Special considerations
• Patients with impaired renal function may require smaller maintenance dosage.
• Multiple dosing may decrease patient compliance, but twice-daily dosing may provide adequate control with decreased cost.
• Drug fever usually occurs within the first 3 months on therapy and may be accompanied by eosinophilia or hepatic function test changes.
• Methyldopate hydrochloride is administered I.V. Administration by I.M. or S.C. route isn’t recommended because of unpredictable absorption.
• Patients receiving methyldopa may become hypertensive after dialysis because drug is dialyzable.
• Sedation and drowsiness usually disappear with continued therapy; bedtime dosage will minimize this effect. Orthostatic hypotension may indicate a need for dosage reduction. Some patients tolerate entire daily dose in the evening or at bedtime.
• Tolerance may develop after 2 to 3 months.
• Signs of hepatotoxicity may occur 2 to 4 weeks after therapy begins.
• For I.V. use, add required dose of drug to 100 ml of 5% dextrose injection. Or, a concentration of 100 mg/ml may be used. ADD-Vantage vials contain 50 mg/ml and should be reconstituted per manufacturer direction. Administer I.V. infusion over 30 to 60 minutes.
• Methyldopa may cause falsely high levels of urine catecholamines, interfering with the diagnosis of pheochromocytoma.
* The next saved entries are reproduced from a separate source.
Lemma chain_weighted_base x : regular N z x ->
  eval N z (L_terms N z 0 [Term 1 1 1 1]) x = eval N z (chain_weighted 0) x.
Proof.
  intros Hx; pose proof (regular_conj N z x Hx) as Hx'.
  unfold chain_weighted, L_terms, absE_terms.
  expand_terms; cbn [fact Nat.mul Nat.add].
  rewrite (cinner_one_sub_inner N z z); unfold mono; cbn [Cpow].
  rewrite ?S_INR, ?INR_0, ?RtoC_plus; field; field_nonzero.
Qed.

Lemma chain_weighted_step k x : regular N z x ->
  eval N z (L_terms N z (INR (S k)) (chain_weighted k)) x = eval N z (chain_weighted (S k)) x.
Proof.
  intros Hx; pose proof (regular_conj N z x Hx) as Hx'.
  unfold chain_weighted, L_terms, absE_terms.
  expand_terms.
  rewrite !INR_fact_S, (cinner_one_sub_inner N z z); unfold mono; cbn [Cpow].
  rewrite ?S_INR, ?INR_0, ?RtoC_plus; field; field_nonzero.
Qed.

Lemma chain_kernel_swap m xi : regular N z xi ->
  eval N z (chain_kernel (S m)) xi
  = eval N xi (absE_terms 0
      [Term (INR (fact (S m)) * INR (fact (S m))) (S (S m)) (S (S m)) (S (S m))]) z.
Proof.
  intros Hxi; pose proof (regular_conj N z xi Hxi) as Hxi'.
  unfold chain_kernel, absE_terms.
  expand_terms.
  rewrite !INR_fact_S, (cinner_one_sub_inner N z z); unfold mono; cbn [Cpow].
  rewrite ?S_INR, ?INR_0, ?RtoC_plus; field; field_nonzero.
Qed.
A positive direct antiglobulin (Coombs’) test may also occur.
• At the start of therapy and periodically throughout, monitor hemoglobin, hematocrit, and RBC count for hemolytic anemia; also monitor liver function tests, especially during the first 6 to 12 weeks of treatment.
• Take blood pressure in supine, sitting, and standing positions during dosage adjustment; take blood pressure at least every 30 minutes during I.V. infusion until patient is stable.
• Monitor intake, output, and daily weights to detect sodium and water retention; voided urine exposed to air may darken because of the breakdown of methyldopa or its metabolites.
• Monitor patient for signs and symptoms of drug-induced depression.
Pregnant patients
• Methyldopa is the most extensively used hypotensive agent in pregnant women.
Breast-feeding patients
• Drug appears in breast milk. The American Academy of Pediatrics considers methyldopa to be compatible with breast-feeding.
Pediatric patients
• Safety and efficacy in children haven’t been established. Use only if potential benefits outweigh risks.
Geriatric patients
• Dosage reductions may be needed in geriatric patients because they’re more sensitive to sedation and hypotension.

Patient education
• Teach patient signs and symptoms of adverse effects, such as jerky movements, and about the need to report them; he should also report excessive weight gain (5 lb weekly), signs of infection, or fever.
• Teach patient to minimize adverse effects by taking drug at bedtime until tolerance develops to sedation, drowsiness, and other CNS effects; by avoiding sudden position changes to minimize orthostatic hypotension; and by using ice chips or sugarless hard candy or gum to relieve dry mouth.
• Warn patient to avoid hazardous activities that require mental alertness until sedative effects subside.
• Instruct patient to call for instructions before taking OTC cold preparations.

Reactions may be common, uncommon, life-threatening, or COMMON AND LIFE THREATENING.